What changes were proposed in this pull request?

Explicitly call Logging.uninitialize() after SparkConf loading spark-defaults.conf

Why are the changes needed?

SPARK-49015 fixes a similar issue that affects services started through SparkSubmit, while for other services like SHS, there is still a chance that the logging system is initialized before SparkConf constructed, so spark.log.structuredLogging.enabled configured at spark-defaults.conf won't take effect.

The issue only happens when the logging system is initialized before SparkConf loading spark-defaults.conf.

example 1, when java.net.InetAddress.getLocalHost returns 127.0.0.1,

scala> java.net.InetAddress.getLocalHost
res0: java.net.InetAddress = H27212-MAC-01.local/127.0.0.1

the logging system will be initialized early.
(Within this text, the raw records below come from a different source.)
Lemma edge_shift_uniform_cont (V E : finType) (s t : E -> V) (U : Type)
    (f : (int -> E) -> int -> U) :
  cont_on (edge_shift s t) f -> forall n, exists m, forall x y,
    edge_shift s t x -> edge_shift s t y -> agree_on m x y -> agree_on n (f x) (f y).
Proof.
move=> f_cont n; apply: contrapT => not_unif.
have /choice [xy xyP] : forall m, exists xy : (int -> E) * (int -> E),
    [/\ edge_shift s t xy.1, edge_shift s t xy.2, agree_on m xy.1 xy.2
      & ~ agree_on n (f xy.1) (f xy.2)].
  move=> m; apply: contrapT => no_xy; apply: not_unif; exists m => x y Ex Ey xy.
  by apply: contrapT => fxy; apply: no_xy; exists (x, y).
have [x near_x] := cluster_point (fun m => (xy m).1).
have Ex : edge_shift s t x by apply: edge_shift_cluster near_x => m; case: (xyP m).
have [m0 fx_m0] := f_cont x Ex n.
have [m le_m x_m] := near_x m0 m0.
have [Ex1 Ex2 xy_m] := xyP m; apply => i le_in.
rewrite -(fx_m0 _ Ex1 x_m i le_in) (fx_m0 _ Ex2 _ i le_in) //.
by apply: agree_on_trans x_m (agree_onW le_m xy_m).
Qed.

Lemma exists_ray (V E : Type) (src tgt : E -> V)
    (Q : nat -> V -> Prop) (R : nat -> E -> Prop) v :
  (forall n u, Q n u -> exists e, [/\ R n e, src e = u & Q n.+1 (tgt e)]) ->
  Q 0%N v -> exists r : nat -> E,
    [/\ forall n, R n (r n), src (r 0%N) = v & forall n, tgt (r n) = src (r n.+1)].
Proof.
move=> step Qv; have [e0 _] := step _ _ Qv.
have /choice [next nextP] : forall nu : nat * V, exists e,
    Q nu.1 nu.2 -> [/\ R nu.1 e, src e = nu.2 & Q nu.1.+1 (tgt e)].
  case=> n u; have [/step [e ?]|not_Q] := pselect (Q n u); first by exists e.
  by exists e0 => /not_Q.
pose fix w n := if n is n'.+1 then tgt (next (n', w n')) else v.
have Qw n : Q n (w n) by elim: n => //= n IH; case: (nextP (n, w n) IH).
exists (fun n => next (n, w n)); split=> [n|//|n].
- by case: (nextP (n, w n) (Qw n)).
- by case: (nextP (0%N, v) Qv).
- by case: (nextP (n.+1, w n.+1) (Qw n.+1)).
Qed.

Lemma edge_shift_through (V E : finType) (s t : E -> V)
    (P : int -> V -> Prop) (R : int -> E -> Prop) k u :
  (forall i v, P i v -> exists e, [/\ R i e, s e = v & P (i + 1) (t e)]) ->
  (forall i v, P (i + 1) v -> exists e, [/\ R i e, t e = v & P i (s e)]) ->
  P k u -> exists x, [/\ edge_shift s t x, forall i, R i (x i) & s (x k) = u].
Proof.
move=> fwd bwd Pu.
have [||fr [Rfr fr0 frS]] :=
  @exists_ray _ _ s t (fun n => P (k + n%:Z)) (fun n => R (k + n%:Z)) u _ _.
- move=> n v /fwd[e [Re se Pte]]; exists e; split=> //.
  by rewrite (_ : k + n.+1%:Z = k + n%:Z + 1) //; lia.
- by rewrite addr0.
have [||br [Rbr br0 brS]] :=
  @exists_ray _ _ t s (fun n => P (k - n%:Z)) (fun n => R (k - n.+1%:Z)) u _ _.
- move=> n v Pv; have [|e ?] := bwd (k - n.+1%:Z) v; last by exists e.
  by rewrite (_ : k - n.+1%:Z + 1 = k - n%:Z) //; lia.
- by rewrite subr0.
(* [Negz n] is [- n.+1], so the positions left of [k] are read off [br]. *)
exists (fun i => match i - k with Posz n => fr n | Negz n => br n end); split.
- move=> i; rewrite (_ : i + 1 - k = (i - k) + 1); last by rewrite addrAC.
  case: (i - k) => [n|[|n]].
  + by rewrite (_ : Posz n + 1 = Posz n.+1) //; lia.
  + by rewrite (_ : Negz 0 + 1 = Posz 0) //= br0 fr0.
  + by rewrite (_ : Negz n.+1 + 1 = Negz n) //; lia.
- move=> i; case ik: (i - k) => [n|n].
  + by rewrite (_ : i = k + n%:Z); [exact: Rfr | lia].
  + by rewrite (_ : i = k - n.+1%:Z); [exact: Rbr | lia].
- by rewrite subrr.
Qed.

Section SubsetConstruction.
Variables (V E A : finType) (s t : E -> V) (L : E -> A).

Lemma sc_shift_of_chain (q : int -> {set V} * A) :
  (forall i, sc_edge s t L (q i)) ->
  (forall i, sc_tgt s t L (q i) = sc_src (q (i + 1))) -> sc_shift s t L q.
Proof.
move=> q_edge q_chain.
have q_trim k i : sc_src (q i) \in iter k (sc_trim_step s t L) (sc_vert V).
  elim: k i => [|k IH] i /=; first by case/and3P: (q_edge i).
  rewrite /sc_trim_step inE IH /=; apply/andP; split; apply/existsP.
    by exists (q i); rewrite q_edge eqxx q_chain IH.
  by exists (q (i - 1)); rewrite q_edge q_chain subrK eqxx IH.
split=> // i; rewrite /sc_trim_edge q_edge q_trim.
by rewrite q_chain q_trim.
Qed.

Definition sc_lift (p : int -> {set V} * A) (x : int -> E) : Prop :=
  [/\ edge_shift s t x, lab L x = lab (@sc_lab V A) p & forall i, s (x i) \in (p i).1].

Lemma sc_lift_lab p x i : sc_lift p x -> L (x i) = (p i).2.
Proof. by case=> _ /(congr1 (fun y => y i)). Qed.

Lemma sc_lift_transl p x c :
  sc_lift p x -> sc_lift (fun i => p (i + c)) (fun i => x (i + c)).
Proof.
case=> Ex lab_x src_x; split=> [i||i] //; first by rewrite Ex addrAC.
by apply/funext => i; exact: (congr1 (fun y => y (i + c)) lab_x).
Qed.

Lemma sc_lift_unshift p x : sc_lift (shift p) x -> sc_lift p (fun i => x (i - 1)).
Proof.
move=> /(sc_lift_transl (-1)); congr sc_lift.
by apply/funext => i; rewrite /shift subrK.
Qed.

Lemma sc_lift_through p k u : sc_shift s t L p -> u \in (p k).1 ->
  exists2 x, sc_lift p x & s (x k) = u.
Proof.
case=> p_edge p_chain pku.
have p_next i : (p (i + 1)).1 = sc_tgt s t L (p i) by exact: esym (p_chain i).
have [||x [Ex Rx <-]] := @edge_shift_through _ _ s t (fun i v => v \in (p i).1)
  (fun i e => L e = (p i).2 /\ s e \in (p i).1) k u _ _ pku.
- move=> i v piv.
  have /and3P[_ _ /subsetP/(_ v piv)/imsetP[e]] : sc_edge s t L (p i).
    by case/and3P: (p_edge i).
  rewrite inE => /eqP Le v_se; subst v; exists e; split=> //.
  by rewrite p_next; apply/imsetP; exists e; rewrite // inE piv Le eqxx.
- move=> i v; rewrite p_next => /imsetP[e]; rewrite inE => /andP[pie /eqP Le] ->.
  by exists e.
exists x => //; split=> // [|i]; last by case: (Rx i).
by apply/funext => i; case: (Rx i).
Qed.

Lemma sc_lift_exists p : sc_shift s t L p -> exists x, sc_lift p x.
Proof.
move=> sc_p; have /and3P[+ _ _] : sc_edge s t L (p 0) by case: sc_p => /(_ 0)/and3P[].
rewrite inE => /set0Pn[u pu].
by have [x ? _] := sc_lift_through sc_p pu; exists x.
Qed.

Hypothesis rr : right_resolving s L.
{"ts":"2024-09-22T12:50:37.082Z","level":"WARN","msg":"Your hostname, H27212-MAC-01.local, resolves to a loopback address: 127.0.0.1; using 192.168.32.130 instead (on interface en0)","context":{"host":"H27212-MAC-01.local","host_port":"127.0.0.1","host_port2":"192.168.32.130","network_if":"en0"},"logger":"Utils"}
{"ts":"2024-09-22T12:50:37.085Z","level":"WARN","msg":"Set SPARK_LOCAL_IP if you need to bind to another address","logger":"Utils"}

example 2: SHS calls Utils.initDaemon(log) before loading spark-defaults.conf(inside construction of HistoryServerArguments)

Utils.initDaemon(log)
new HistoryServerArguments(conf, argStrings)
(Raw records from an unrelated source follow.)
Section MetricDefs.
Context {X : Type} (d : X -> X -> R).

Definition is_metric : Prop :=
  (forall x y, 0 <= d x y) /\
  (forall x y, d x y = 0 <-> x = y) /\
  (forall x y, d x y = d y x) /\
  (forall x y z, d x z <= d x y + d y z).

Definition d_open (U : X -> Prop) : Prop :=
  forall z, U z -> exists e, 0 < e /\ forall w, d z w < e -> U w.

Definition d_compact (A : X -> Prop) : Prop :=
  forall (I : Type) (U : I -> X -> Prop),
    (forall i, d_open (U i)) ->
    (forall x, A x -> exists i, U i x) ->
    exists l : list I, forall x, A x -> exists i, List.In i l /\ U i x.

Definition in_KX (A : X -> Prop) : Prop := (exists a, A a) /\ d_compact A.

(* continuous path p : [0,1] -> X from x to y (values outside [0,1] ignored) *)
Definition is_path (p : R -> X) (x y : X) : Prop :=
  p 0 = x /\ p 1 = y /\
  forall t, 0 <= t <= 1 -> forall eps, 0 < eps ->
    exists delta, 0 < delta /\
      forall s, 0 <= s <= 1 -> Rabs (s - t) < delta -> d (p s) (p t) < eps.

Fixpoint psum (f : nat -> R) (n : nat) : R :=
  match n with O => 0 | S k => psum f k + f k end.

Definition is_partition (t : nat -> R) (n : nat) : Prop :=
  t O = 0 /\ t n = 1 /\ forall i, (i < n)%nat -> t i < t (S i).

Definition plength (p : R -> X) : Rbar :=
  Lub_Rbar (fun s => exists t n, is_partition t n /\
                       s = psum (fun i => d (p (t i)) (p (t (S i)))) n).

Definition rectifiable (p : R -> X) : Prop := is_finite (plength p).

Definition rect_path_connected : Prop :=
  forall x y, exists p, is_path p x y /\ rectifiable p.

Definition d_r_bar (x y : X) : Rbar :=
  Glb_Rbar (fun L => exists p, is_path p x y /\ plength p = Finite L).

(* real-valued d_r (finite when X is rectifiably path-connected) *)
Definition d_r (x y : X) : R := real (d_r_bar x y).

End MetricDefs.

Definition Rbar_maxr (a b : Rbar) : Rbar := if Rbar_le_dec a b then b else a.

Definition excess {X : Type} (rho : X -> X -> R) (A B : X -> Prop) : Rbar :=
  Lub_Rbar (fun s => exists a, A a /\
     s = real (Glb_Rbar (fun u => exists b, B b /\ u = rho a b))).

Definition hausdorff {X : Type} (rho : X -> X -> R) (A B : X -> Prop) : Rbar :=
  Rbar_maxr (excess rho A B) (excess rho B A).

Definition pointwise_contraction {X : Type} (d : X -> X -> R)
    (F : X -> X -> Prop) : Prop :=
  forall x, exists beta, 0 <= beta < 1 /\
    exists N : X -> Prop, d_open d N /\ N x /\
      forall y, N y -> Rbar_le (hausdorff d (F x) (F y)) (Finite (beta * d x y)).

(** The proof joins x and y by a geodesic q, a path with
    d (q s) (q t) <= D |t - s| for D = d_r x y; it is the limit (Arzelà–Ascoli in the
    compact space X) of interpolated fine chains along near-minimal rectifiable paths.
    Continuous induction on the pointwise contraction of F gives
    H (F (q s), F (q t)) <= D |t - s|, and the Baire category theorem yields an interval
    [a, b] on which the contraction factor is uniformly 1 - r.  Therefore
    H (F (q u), F (q v)) <= Phi v - Phi u for a profile Phi of slope D outside [a, b] and
    (1 - r) D inside, so Phi 1 - Phi 0 < D.  Selecting points of F (q t) along finer and
    finer grids and passing to the limit turns every a in F x into a Phi-controlled path
    ending in F y, whose length bounds d_r from a to F y by Phi 1 - Phi 0; the reversed
    geodesic bounds the other half of the Hausdorff distance. *)

From Stdlib Require Import Reals Lra Lia ZArith Classical ClassicalEpsilon Cantor.
From Coquelicot Require Import Coquelicot.
Open Scope R_scope.

Lemma Glb_Rbar_finite (E : R -> Prop) (m x0 : R) :
  E x0 -> (forall x, E x -> m <= x) ->
  exists g, Glb_Rbar E = Finite g /\ m <= g /\ (forall x, E x -> g <= x) /\
    (forall e, 0 < e -> exists x, E x /\ x < g + e).
Proof.
  intros Ex0 Hm. destruct (Glb_Rbar_correct E) as [Hlb Hglb].
  assert (Hup : Rbar_le (Glb_Rbar E) (Finite x0)) by (apply Hlb; auto).
  assert (Hlow : Rbar_le (Finite m) (Glb_Rbar E)) by (apply Hglb; intros x Hx; simpl; auto).
  destruct (Glb_Rbar E) as [g| |]; simpl in *; try contradiction.
  exists g; split; [reflexivity|split; [exact Hlow|split]].
  - intros x Hx. exact (Hlb x Hx).
  - intros e He. apply NNPP; intro Hn.
    assert (Hge : Rbar_le (Finite (g + e)) (Finite g)).
    { apply Hglb. intros x Hx. simpl. apply Rnot_lt_le. intro Hx'. apply Hn. exists x; auto. }
    simpl in Hge. lra.
Qed.

Lemma Lub_Rbar_finite (E : R -> Prop) (M x0 : R) :
  E x0 -> (forall x, E x -> x <= M) ->
  exists l, Lub_Rbar E = Finite l /\ l <= M /\ (forall x, E x -> x <= l) /\
    (forall M', (forall x, E x -> x <= M') -> l <= M').
Proof.
  intros Ex0 HM. destruct (Lub_Rbar_correct E) as [Hub Hlub].
  assert (Hlow : Rbar_le (Finite x0) (Lub_Rbar E)) by (apply Hub; auto).
  assert (Hup : Rbar_le (Lub_Rbar E) (Finite M)) by (apply Hlub; intros x Hx; simpl; auto).
  destruct (Lub_Rbar E) as [l| |]; simpl in *; try contradiction.
  exists l; split; [reflexivity|split; [exact Hup|split]].
  - intros x Hx. exact (Hub x Hx).
  - intros M' HM'. apply (Hlub (Finite M')). intros x Hx. exact (HM' x Hx).
Qed.

Lemma Rbar_maxr_le (a b c : Rbar) :
  Rbar_le (Rbar_maxr a b) c -> Rbar_le a c /\ Rbar_le b c.
Proof.
  unfold Rbar_maxr. destruct (Rbar_le_dec a b) as [Hab|Hab]; intros Hc; split; auto.
  - eapply Rbar_le_trans; eauto.
  - apply Rbar_not_le_lt, Rbar_lt_le in Hab. eapply Rbar_le_trans; eauto.
Qed.

Lemma Rbar_maxr_lub (a b c : Rbar) :
  Rbar_le a c -> Rbar_le b c -> Rbar_le (Rbar_maxr a b) c.
Proof. unfold Rbar_maxr. destruct (Rbar_le_dec a b); auto. Qed.

(* [0 <= M] is needed because [real] sends an infimum equal to [m_infty] to [0]. *)
Lemma excess_le {X : Type} (rho : X -> X -> R) (A B : X -> Prop) (M : R) :
  0 <= M -> (forall a, A a -> exists b, B b /\ rho a b <= M) ->
  Rbar_le (excess rho A B) (Finite M).
Proof.
  intros HM Hnear. apply Lub_Rbar_correct. intros s [a [Ha ->]].
  destruct (Hnear a Ha) as [b [Hb Hab]].
  assert (Hinf : Rbar_le (Glb_Rbar (fun u => exists b, B b /\ u = rho a b)) (Finite (rho a b)))
    by (apply Glb_Rbar_correct; exists b; auto).
  destruct (Glb_Rbar _); simpl in *; lra.
Qed.

Lemma hausdorff_le {X : Type} (rho : X -> X -> R) (A B : X -> Prop) (M : R) :
  0 <= M -> (forall a, A a -> exists b, B b /\ rho a b <= M) ->
  (forall b, B b -> exists a, A a /\ rho b a <= M) ->
  Rbar_le (hausdorff rho A B) (Finite M).
Proof. intros. apply Rbar_maxr_lub; apply excess_le; auto. Qed.

Lemma inv_INR_S_small e : 0 < e -> exists N, forall n, (N <= n)%nat -> / INR (S n) < e.
Proof.
  intros He. destruct (archimed_cor1 e He) as [N [HNe HN]]. exists N. intros n Hn.
  assert (HN0 : 0 < INR N) by (apply lt_0_INR; lia).
  assert (INR N <= INR (S n)) by (apply le_INR; lia).
  assert (/ INR (S n) <= / INR N) by (apply Rinv_le_contravar; lra). lra.
Qed.

Lemma inv_INR_S_pos n : 0 < / INR (S n).
Proof. apply Rinv_0_lt_compat, lt_0_INR; lia. Qed.

Definition strict_incr (f : nat -> nat) : Prop := forall n, (f n < f (S n))%nat.

Lemma strict_incr_ge f : strict_incr f -> forall n, (n <= f n)%nat.
Proof. intros Hf n; induction n; [lia|]. specialize (Hf n); lia. Qed.

Lemma strict_incr_le f : strict_incr f -> forall m n, (m <= n)%nat -> (f m <= f n)%nat.
Proof. intros Hf m n Hmn; induction Hmn; [lia|]. specialize (Hf m0); lia. Qed.

Lemma strict_incr_comp f g : strict_incr f -> strict_incr g -> strict_incr (fun n => f (g n)).
Proof.
  intros Hf Hg n. specialize (Hg n).
  pose proof (strict_incr_le f Hf (S (g n)) (g (S n)) Hg). specialize (Hf (g n)). lia.
Qed.

Lemma fold_max_ge {I : Type} (f : I -> nat) (l : list I) i :
  List.In i l -> (f i <= List.fold_right (fun j acc => Nat.max (f j) acc) 0%nat l)%nat.
Proof.
  induction l as [|a l IH]; simpl; [tauto|]. intros [->|Hi]; [lia|]. specialize (IH Hi); lia.
Qed.

Lemma scaled_inv_INR_S_small C e : 0 <= C -> 0 < e ->
  exists N, forall n, (N <= n)%nat -> C * / INR (S n) < e.
Proof.
  intros HC He. destruct (inv_INR_S_small (e / (C + 1))) as [N HN].
  { apply Rdiv_lt_0_compat; lra. }
  exists N. intros n Hn. specialize (HN n Hn). pose proof (inv_INR_S_pos n).
  apply Rle_lt_trans with ((C + 1) * / INR (S n)); [nra|].
  apply Rmult_lt_compat_l with (r := C + 1) in HN; [|lra].
  replace ((C + 1) * (e / (C + 1))) with e in HN by (field; lra). lra.
Qed.

Definition nat_floor (r : R) : nat := Z.to_nat (Int_part r).

Lemma nat_floor_spec r : 0 <= r -> INR (nat_floor r) <= r < INR (nat_floor r) + 1.
Proof.
  intros Hr. unfold nat_floor. destruct (base_Int_part r) as [Hlo Hhi].
  assert (Hpos : (0 <= Int_part r)%Z) by (assert (-1 < Int_part r)%Z by (apply lt_IZR; lra); lia).
  rewrite INR_IZR_INZ, Z2Nat.id by exact Hpos. lra.
Qed.

Definition grid_index (N : nat) (t : R) : nat := nat_floor (t * INR N).

Lemma grid_index_spec N t : 0 <= t <= 1 ->
  (grid_index N t <= N)%nat /\ INR (grid_index N t) <= t * INR N < INR (grid_index N t) + 1.
Proof.
  intros Ht. unfold grid_index.
  assert (Hr : 0 <= t * INR N <= INR N) by (pose proof (pos_INR N); nra).
  destruct (nat_floor_spec (t * INR N)) as [Hlo Hhi]; [lra|].
  split; [|lra]. apply INR_le. lra.
Qed.

Lemma grid_index_0 N : grid_index N 0 = 0%nat.
Proof.
  unfold grid_index, nat_floor. rewrite Rmult_0_l. change 0 with (INR 0). rewrite Int_part_INR.
  reflexivity.
Qed.

Lemma grid_index_1 N : grid_index N 1 = N.
Proof. unfold grid_index, nat_floor. rewrite Rmult_1_l, Int_part_INR. apply Nat2Z.id. Qed.

Lemma grid_point_near N t : (0 < N)%nat -> 0 <= t <= 1 ->
  Rabs (INR (grid_index N t) / INR N - t) <= / INR N.
Proof.
  intros HN Ht. destruct (grid_index_spec N t Ht) as [_ Hidx].
  assert (HNpos : 0 < INR N) by (apply lt_0_INR; lia).
  replace (INR (grid_index N t) / INR N - t) with ((INR (grid_index N t) - t * INR N) / INR N)
    by (field; lra).
  unfold Rdiv. rewrite Rabs_mult, (Rabs_right (/ INR N)) by (left; apply Rinv_0_lt_compat; auto).
  rewrite <- (Rmult_1_l (/ INR N)) at 2.
  apply Rmult_le_compat_r; [left; apply Rinv_0_lt_compat; auto|].
  unfold Rabs; destruct Rcase_abs; lra.
Qed.

Definition dense_point (j : nat) : R :=
  let (i, b) := Cantor.of_nat j in Rmin 1 (INR i / INR (S b)).

Lemma dense_point_range j : 0 <= dense_point j <= 1.
Proof.
  unfold dense_point. destruct (Cantor.of_nat j) as [i b]. split; [|apply Rmin_l].
  apply Rmin_glb; [lra|]. apply Rdiv_le_0_compat; [apply pos_INR|apply lt_0_INR; lia].
Qed.

Lemma dense_point_near t b : 0 <= t <= 1 -> exists j, Rabs (t - dense_point j) <= / INR (S b).
Proof.
  intros Ht. exists (Cantor.to_nat (grid_index (S b) t, b)).
  unfold dense_point. rewrite Cantor.cancel_of_to.
  destruct (grid_index_spec (S b) t Ht) as [Hle _].
  assert (HS : 0 < INR (S b)) by (apply lt_0_INR; lia).
  rewrite Rmin_right.
  - rewrite Rabs_minus_sym. apply grid_point_near; [lia|auto].
  - apply le_INR in Hle. apply (Rmult_le_reg_r (INR (S b))); auto.
    unfold Rdiv. rewrite Rmult_assoc, Rinv_l; lra.
Qed.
{"ts":"2024-09-22T13:20:31.978Z","level":"INFO","msg":"Started daemon with process name: 41505@H27212-MAC-01.local","logger":"HistoryServer"}
{"ts":"2024-09-22T13:20:31.980Z","level":"INFO","msg":"Registering signal handler for TERM","logger":"SignalUtils"}
{"ts":"2024-09-22T13:20:31.981Z","level":"INFO","msg":"Registering signal handler for HUP","logger":"SignalUtils"}
{"ts":"2024-09-22T13:20:31.981Z","level":"INFO","msg":"Registering signal handler for INT","logger":"SignalUtils"}

then loads spark-defaults.conf and ignores spark.log.structuredLogging.enabled.

Does this PR introduce any user-facing change?

No, spark structured logging is an unreleased feature.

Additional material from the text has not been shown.